(* Every graph $G$ with $n\geq 3$ vertices that has no $K_5$-minor satisfies $c(G)\leq 8(n-2)$.
   Context: All graphs are finite, simple and undirected. A graph $H$ is a minor of $G$ if $H$ can be obtained from a subgraph of $G$ by contracting edges. A clique of a graph $G$ is a (possibly empty) set of pairwise adjacent vertices; $c(G)$ denotes the number of cliques of $G$ (including the empty clique, all single vertices and all edges). *)

From mathcomp Require Import all_boot.
Set Implicit Arguments. Unset Strict Implicit. Unset Printing Implicit Defensive.

Definition simple_graph (T : finType) (e : rel T) : Prop :=
  symmetric e /\ irreflexive e.

Definition is_clique (T : finType) (e : rel T) (A : {set T}) : bool :=
  [forall x in A, forall y in A, (x != y) ==> e x y].

(* c(G): number of cliques, including the empty clique. *)
Definition num_cliques (T : finType) (e : rel T) : nat :=
  #|[set A : {set T} | is_clique e A]|.

(* B induces a connected subgraph of G (B nonempty is required separately). *)
Definition connected_in (T : finType) (e : rel T) (B : {set T}) : bool :=
  [forall x in B, forall y in B,
     connect (fun u v => [&& e u v, u \in B & v \in B]) x y].

(* This is the standard equivalent of "obtained from a subgraph by
   contracting edges". *)
Definition is_minor (U : finType) (f : rel U) (T : finType) (e : rel T) : Prop :=
  exists phi : U -> {set T},
    [/\ forall u, phi u != set0,
        forall u, connected_in e (phi u),
        forall u v, u != v -> [disjoint phi u & phi v] &
        forall u v, f u v -> exists x, exists y, [/\ x \in phi u, y \in phi v & e x y]].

********

* _Problem details_:
The records need to be set down again without a single difference.

* _Exercise output_:
(* Every graph $G$ with $n\geq 3$ vertices that has no $K_5$-minor satisfies $c(G)\leq 8(n-2)$.
   Context: All graphs are finite, simple and undirected. A graph $H$ is a minor of $G$ if $H$ can be obtained from a subgraph of $G$ by contracting edges. A clique of a graph $G$ is a (possibly empty) set of pairwise adjacent vertices; $c(G)$ denotes the number of cliques of $G$ (including the empty clique, all single vertices and all edges). *)

From mathcomp Require Import all_boot.
Set Implicit Arguments. Unset Strict Implicit. Unset Printing Implicit Defensive.

Definition simple_graph (T : finType) (e : rel T) : Prop :=
  symmetric e /\ irreflexive e.

Definition is_clique (T : finType) (e : rel T) (A : {set T}) : bool :=
  [forall x in A, forall y in A, (x != y) ==> e x y].

(* c(G): number of cliques, including the empty clique. *)
Definition num_cliques (T : finType) (e : rel T) : nat :=
  #|[set A : {set T} | is_clique e A]|.

(* B induces a connected subgraph of G (B nonempty is required separately). *)
Definition connected_in (T : finType) (e : rel T) (B : {set T}) : bool :=
  [forall x in B, forall y in B,
     connect (fun u v => [&& e u v, u \in B & v \in B]) x y].

(* This is the standard equivalent of "obtained from a subgraph by
   contracting edges". *)
Definition is_minor (U : finType) (f : rel U) (T : finType) (e : rel T) : Prop :=
  exists phi : U -> {set T},
    [/\ forall u, phi u != set0,
        forall u, connected_in e (phi u),
        forall u v, u != v -> [disjoint phi u & phi v] &
        forall u v, f u v -> exists x, exists y, [/\ x \in phi u, y \in phi v & e x y]].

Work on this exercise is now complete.